犯人は普段から万引き癖や露出癖があったようだ。しかし彼女が警察の事情徴収で「80歳代の継母の看病疲れ」と語ったことでマスコミが飛びついた。「高齢化社会がもたらした犯罪」の烙印を押したがったのである。ワイドショーとは、自分たちが作ったシナリオに合致した情報しか流さないのだという事を知った。これらの報道が刑事、民事裁判両方の判決へ影響を与えるのではないかと心配したが、取り越し苦労だったようだ。犯人は5年の実刑判決を言い渡された。その後、世の中では羽田沖航空機墜落事件やホテルニュージャパン火災が相次ぎ、マスコミとの縁は切れた。

 

 保険会社の判定は幸い「全焼」であったが、火は天井裏を走ったため、燃えずに済んだ物は多かった。しかしほとんどの物が煙にいぶされ、水を浴び、衣類などは使い物にならなかった。唯一母の着物は、桐の箪笥に入っていたおかげで助かった。箪笥の外側は炭状になっていたものの、水分を吸って密閉状態になっており、見事に中の着物を守りきった。それに比べて合板の箪笥は無残だった。

 母は家を改修したときに、台所から出た火が全体にまわらないようにと、台所の天井裏にトタンを張った。
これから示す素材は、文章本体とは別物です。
Lemma HL_code_dist_le : exists w1 w2 : {ffun HPt F q -> F},
  [/\ HL_code w1, HL_code w2, w1 <> w2 & (hamming w1 w2 <= q ^ 3 - q ^ 2 + 1)%N].
Proof.
pose w f := [ffun P : HPt F q => evalxy f (val P).1 (val P).2].
have wE f P : w f P = evalxy f (val P).1 (val P).2 by rewrite ffunE.
have /[!inE] /andP [herm00 diag_lines00] := diag_lines_00.
exists (w diag_lines), (w 0); split.
- by exists diag_lines; split; [exact: lifted_diag_lines | exact: wE].
- by exists 0; split; [exact: lifted_fam0 | exact: wE].
- move/ffunP/(_ (exist _ (0, 0) herm00)); rewrite !wE /evalxy meval0 /=.
  exact/eqP.
- by rewrite (hamming_evalxy (wE _) (wE _)) subr0 card_herm_support_diag_lines.
Qed.

End HermitianCurve.

Theorem mainTheorem8 (F : finFieldType) (q : nat) :
  (exists m : nat, q = 2 ^ m)%N ->
  #|F| = (q ^ 2)%N ->
  exists d : nat, is_min_dist (@HL_code F q) d /\
    (q ^ 2 <= d)%N /\ (d <= q ^ 3 - q ^ 2 + 1)%N.
Proof.
move=> [m qE] cardF.
have pchar2 : 2 \in [pchar F].
  by apply: (@card_finPcharP F 2 (m * 2)); rewrite // cardF qE -expnM.
have pchar_q : [pchar F].-nat q by rewrite (eq_pnat _ (pcharf_eq pchar2)) qE pnatX pnat_id.
pose is_dist n := exists w1 w2 : {ffun HPt F q -> F},
  [/\ HL_code w1, HL_code w2, w1 <> w2 & hamming w1 w2 = n].
have [w1 [w2 [c1 c2 w12 dist_le]]] := HL_code_dist_le cardF pchar_q.
have is_dist_inh : exists n, is_dist n by exists (hamming w1 w2), w1, w2.
have [d [[[u1 [u2 [cu1 cu2 u12 <-]]] d_min] _]] :=
  dec_inh_nat_subset_has_unique_least_element is_dist (fun n => classic (is_dist n)) is_dist_inh.
exists (hamming u1 u2); split; [split | split].
- by exists u1, u2.
- by move=> v1 v2 cv1 cv2 v12; apply/leP/d_min; exists v1, v2.
- exact: HL_code_dist_ge cardF pchar_q _ _ cu1 cu2 u12.
- by apply: leq_trans dist_le; apply/leP/d_min; exists w1, w2.
Qed.
Lemma le_refl (x : A) : tle x x.
Proof. exact: meetI. Qed.

Lemma le_trans (x y z : A) : tle x y -> tle y z -> tle x z.
Proof. by rewrite /tle => xy yz; rewrite -{1}xy -meetA yz. Qed.

Lemma le_antisym (x y : A) : tle x y -> tle y x -> x = y.
Proof. by rewrite /tle => xy yx; rewrite -xy meetC yx. Qed.

Lemma meet_le_l (x y : A) : tle (x * y) x.
Proof. by rewrite /tle (meetC x y) -meetA meetI. Qed.

Lemma meet_le_r (x y : A) : tle (x * y) y.
Proof. by rewrite /tle -meetA meetI. Qed.

Lemma le_meet (b x y : A) : tle b (x * y) <-> tle b x /\ tle b y.
Proof.
split => [bxy | [bx by']].
- by split; apply: le_trans bxy _; [exact: meet_le_l | exact: meet_le_r].
- by rewrite /tle meetA bx by'.
Qed.

Lemma zero_meet_compl (x : A) : is_zero (x * - x).
Proof. exact: meet_compl_const. Qed.

Lemma zero_unique (z w : A) : is_zero z -> is_zero w -> z = w.
Proof. by rewrite /is_zero => -> ->; exact: meet_compl_const. Qed.

Lemma le_zero (x z : A) : tle x z -> is_zero z -> is_zero x.
Proof.
move=> xz /(zero_unique (zero_meet_compl x)) ez; move: xz.
by rewrite /tle -ez /is_zero => xz; rewrite -{1}xz meetA meetI.
Qed.

Lemma zero_le (z x : A) : is_zero z -> tle z x.
Proof.
move=> zz; rewrite /tle.
exact: (zero_unique (le_zero (meet_le_l z x) zz) zz).
Qed.

Lemma le_of_meet_compl_zero (x y : A) : is_zero (x * - y) -> tle x y.
Proof.
move=> /(zero_unique (zero_meet_compl (x * y))) e.
have x_top : x = x * (y + - y).
  by rewrite -{1}(meet_absorb x (- x)) /tjoin (meet_compl_const (- x) (- y)).
by rewrite /tle {2}x_top meet_joinr -e join_absorb.
Qed.

Lemma le_compl_zero (b c : A) : tle b c -> tle b (- c) -> is_zero b.
Proof. by move=> bc bnc; apply: (le_zero _ (zero_meet_compl c)); exact/le_meet. Qed.

Lemma atom_le_compl (a x : A) : is_atom a -> (tle a (- x) <-> ~ tle a x).
Proof.
move=> [nz amin]; split => [anx ax | nax].
- by apply: nz; apply: le_compl_zero ax anx.
- have [ax | z_ax] := amin _ (meet_le_l a x).
    by case: nax; rewrite -ax; exact: meet_le_r.
  by apply: le_of_meet_compl_zero; rewrite complK.
Qed.
End BooleanOrder.

Section Substitutions.
Variables (n : nat) (A : tstruct n).
Hypotheses (HS : sub_endo A) (HP : perm_equations A).
(* Let $A^T\in\mathbb{R}^{n_o\times n}$, $G\in\mathbb{R}^{n\times n_h}$, $B^T\in\mathbb{R}^{n\times n}$ be the Toom-Cook matrices defined in the context, let $H\in F^{n_h\times n_h}$ and $X\in F^{n\times n}$ be floating point matrices, let $S=A^T(GHG^T\odot B^TXB)A$ be the exact result and $\hat S$ the floating point result computed as described in the context. Then $$|\hat S-S|\le |A^T|\big(|G|\,|H|\,|G^T|\odot|B^T|\,|X|\,|B|\big)|A|\,\big(2\alpha^{(n)}+2\beta^{(n)}+2\gamma^{(n_h)}+1\big)\varepsilon+O(\varepsilon^2)$$ entrywise, and $$\|\hat S-S\|_1\le \|A^T\|_1\|G\|_F\|H\|_F\|G^T\|_F\|B^T\|_F\|X\|_F\|B\|_F\|A\|_1\,\big(2\alpha^{(n)}+2\beta^{(n)}+2\gamma^{(n_h)}+1\big)\varepsilon+O(\varepsilon^2).$$
   Context: Toom-Cook matrices: $n=n_o+n_h-1$, $p_1,\dots,p_n$ distinct reals, $N_i=1/\prod_{j\ne i}(p_i-p_j)$, $M_{i,j}$ the coefficient of $a^{j-1}$ in $\prod_{k\ne i}(a-p_k)$; $A^T_{i,j}=p_j^{i-1}$ ($i\le n_o$, $j\le n$), $G_{i,j}=p_i^{j-1}N_i$ ($i\le n$, $j\le n_h$), $B^T_{i,j}=M_{j,i}$; $A$, $G^T$, $B$ are the transposes. $\odot$ is the Hadamard product, $|\cdot|$ entrywise absolute value (matrix inequalities entrywise), $\|\cdot\|_1$ the induced matrix 1-norm (maximum absolute column sum), $\|\cdot\|_F$ the Frobenius norm. Floating point model: set $F$ of floating point numbers, unit roundoff $\varepsilon$, no overflow, $fl(y)=y(1+\delta)$, $fl(y\,\mathrm{op}\,z)=(y\,\mathrm{op}\,z)(1+\delta)$ with $|\delta|\le\varepsilon$; the matrix entries are stored rounded. Computation of $\hat S$: $U=fl(fl(G)\,H\,fl(G^T))$ and $V=fl(fl(B^T)\,X\,fl(B))$ are computed by matrix products (dot products of rows/columns), $W_{ij}=fl(U_{ij}V_{ij})$, and $\hat S=fl(fl(A^T)\,W\,fl(A))$. The same summation method is used for multiplication by a matrix and by its transpose. Constants: $\alpha^{(n)},\beta^{(n)},\gamma^{(n_h)}$ are constants such that for every row $a^T$ of $A^T$ (resp. $B^T$, resp. $G$) — equivalently every column of $A$ (resp. $B$, $G^T$) — and every floating point vector $y$ of matching length the computed dot product satisfies $|a^Ty-fl(fl(a^T)y)|\le|a^T|\,|y|\,c\,\varepsilon+O(\varepsilon^2)$ with $c=\alpha^{(n)}$ (resp. $\beta^{(n)}$, $\gamma^{(n_h)}$). *)

From HB Require Import structures.
From mathcomp Require Import all_boot all_order all_algebra.
Set Implicit Arguments. Unset Strict Implicit. Unset Printing Implicit Defensive.
Import Order.TTheory GRing.Theory Num.Theory.
Local Open Scope ring_scope.

Section TC.
Variable R : rcfType.

Definition tc_dim (no nh : nat) : nat := (no + nh).-1.

(* N_i = 1 / prod_{j <> i} (p_i - p_j)   (indices are 0-based) *)
Definition tcN (n : nat) (p : 'I_n -> R) (i : 'I_n) : R :=
  (\prod_(j < n | j != i) (p i - p j))^-1.

(* prod_{k <> i} (a - p_k); M_{i,j} = its coefficient of a^j (0-based) *)
Definition tcMpoly (n : nat) (p : 'I_n -> R) (i : 'I_n) : {poly R} :=
  \prod_(k < n | k != i) ('X - (p k)%:P).

Definition tcAT (no n : nat) (p : 'I_n -> R) : 'M[R]_(no, n) :=
  \matrix_(i < no, j < n) (p j ^+ i).
Definition tcG (n nh : nat) (p : 'I_n -> R) : 'M[R]_(n, nh) :=
  \matrix_(i < n, j < nh) (p i ^+ j * tcN p i).
Definition tcBT (n : nat) (p : 'I_n -> R) : 'M[R]_(n, n) :=
  \matrix_(i < n, j < n) (tcMpoly p j)`_i.

Definition absM (m n : nat) (M : 'M[R]_(m, n)) : 'M[R]_(m, n) :=
  map_mx (fun x => `|x|) M.
Definition hadamard (m n : nat) (A B : 'M[R]_(m, n)) : 'M[R]_(m, n) :=
  \matrix_(i < m, j < n) (A i j * B i j).
Definition norm1 (m n : nat) (M : 'M[R]_(m, n)) : R :=
  \big[Num.max/0]_(j < n) \sum_(i < m) `|M i j|.
Definition frob (m n : nat) (M : 'M[R]_(m, n)) : R :=
  Num.sqrt (\sum_(i < m) \sum_(j < n) M i j ^+ 2).
Definition dotv (m : nat) (u v : 'rV[R]_m) : R := \sum_(k < m) u 0 k * v 0 k.

(* The floating point model: unit roundoff eps, set F of floating point numbers,
   rounding of stored values fl(y) = y(1+d), and floating multiplication
   fl(y*z) = (y*z)(1+d), |d| <= eps, results in F (no overflow). *)
Record fp_model := FPModel {
  fp_eps : R;
  fp_F : R -> Prop;
  fp_rnd : R -> R;
  fp_mul : R -> R -> R;
  fp_eps_ge0 : 0 <= fp_eps;
  fp_rnd_spec : forall y, exists2 d, `|d| <= fp_eps & fp_rnd y = y * (1 + d);
  fp_rnd_F : forall y, fp_F (fp_rnd y);
  fp_mul_spec : forall y z, exists2 d, `|d| <= fp_eps & fp_mul y z = (y * z) * (1 + d);
  fp_mul_F : forall y z, fp_F (fp_mul y z)
}.

(* A summation method for dot products with the rows of C: [dot u y] is the
   computed value fl(u y) where u = fl(c^T) is a stored (rounded) row of C
   and y a floating point vector.  [dot_bound] says that c is a valid constant
   (alpha, beta, gamma in the paper): for every row c^T of C and every floating
   point vector y,
   |c^T y - fl(fl(c^T) y)| <= |c^T| |y| c eps + K0 eps^2 |c^T| |y|. *)
Definition dot_bound (fm : fp_model) (k m : nat) (C : 'M[R]_(k, m))
  (dot : 'rV[R]_m -> 'rV[R]_m -> R) (c K0 : R) : Prop :=
  forall (i : 'I_k) (y : 'rV[R]_m), (forall j, fp_F fm (y 0 j)) ->
    `|dotv (row i C) y - dot (map_mx (fp_rnd fm) (row i C)) y|
      <= dotv (absM (row i C)) (absM y) * c * fp_eps fm
         + K0 * fp_eps fm ^+ 2 * dotv (absM (row i C)) (absM y).

Definition tc_exact (no n nh : nat) (AT : 'M[R]_(no, n)) (G : 'M[R]_(n, nh))
  (BT : 'M[R]_(n, n)) (H : 'M[R]_nh) (X : 'M[R]_n) : 'M[R]_no :=
  AT *m hadamard (G *m H *m G^T) (BT *m X *m BT^T) *m AT^T.

(* Floating point computation of S_hat:
   U = fl(fl(G) H fl(G^T)), V = fl(fl(B^T) X fl(B)) (products evaluated left to
   right, each entry a computed dot product), W_ij = fl(U_ij V_ij),
   S_hat = fl(fl(A^T) W fl(A)).  A product with a column of fl(C^T) is a
   dot product with the corresponding row of fl(C), computed with the same
   summation method. *)
Definition tc_computed (fm : fp_model) (no n nh : nat) (AT : 'M[R]_(no, n))
  (G : 'M[R]_(n, nh)) (BT : 'M[R]_(n, n))
  (dotA dotB : 'rV[R]_n -> 'rV[R]_n -> R) (dotG : 'rV[R]_nh -> 'rV[R]_nh -> R)
  (H : 'M[R]_nh) (X : 'M[R]_n) : 'M[R]_no :=
  let rnd := fp_rnd fm in
  let U1 := \matrix_(i < n, j < nh) dotG (map_mx rnd (row i G)) (row j H^T) in
  let U := \matrix_(i < n, j < n) dotG (map_mx rnd (row j G)) (row i U1) in
  let V1 := \matrix_(i < n, j < n) dotB (map_mx rnd (row i BT)) (row j X^T) in
  let V := \matrix_(i < n, j < n) dotB (map_mx rnd (row j BT)) (row i V1) in
  let W := \matrix_(i < n, j < n) fp_mul fm (U i j) (V i j) in
  let Z := \matrix_(i < no, j < n) dotA (map_mx rnd (row i AT)) (row j W^T) in
  \matrix_(i < no, j < no) dotA (map_mx rnd (row j AT)) (row i Z).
貴重品の入っている押入れの周りにもトタンを張った。当時、大工さんは首をかしげながら作業してくれたそうだが、おかげで台所と押入れは焼けずに残った。

 

 私は当時、映画少女だった。月6本のロードショーを観て、映画のパンフレットにチラシ、鑑賞券の半券まで集めていた。時々自分の部屋でそれらのコレクションを眺めては、「火事になって燃えたらいやだな」などと考えていた。しかし実際に燃えている最中は、不思議と何の未練も感じなかった。焼け残ったと知ったときは嬉しかったが、回収した後、もてあましたのも事実である。

 

 結果的にこの放火事件は、私に短期間で多くのことを経験し、考える機会を与えてくれた。そして私に何よりも大きな影響を与えたのは、生まれてからずっと生活してきた『すまい』を失ったことである。いつも自分を守ってくれている『殻』が剥ぎ取られた。ずっと引きずって持ち歩いていた何かを、手放さざるを得なかった。しかし当時の私は、この不安な状況を快感として受け取った。成人した時よりも、就職した時よりも、大人へと脱皮できた自分を感じた。

 

 『すまい』は生活の基盤である。人はここで「休息」、「充電」、「育児」などをおこなう。そして家族は、この『愛の巣』の中でコミュニケーションをとり、時には趣味を楽しむ。『すまい』は家族の心の拠りどころであり、「幸福」を実現するための基盤となる活動の場である。それだけに、放火事件による強制的な「巣立ち」は、私に大きなインパクトを与えた。私自身にとっては、いいタイミングだったのかもしれない。これがもっと幼い時期だったら、無理に『殻』を剥ぎ取られることで大きな傷ができたかもしれない。

 

 『すまい』を計画する立場の人間としても、放火事件は貴重な体験だった。快適性とともに安全性を重視するのは勿論のこと、そこに住む子供にとって思い出に残る空間をつくりたいと思っている。なぜなら、私の夢に出てくる『すまい』は、全て焼けた大崎の家だからである。その後に住んだ家は一切登場しない。そのくらい、最初に身に付けた『殻』は、その人の心身の一部になってしまうのだと思う。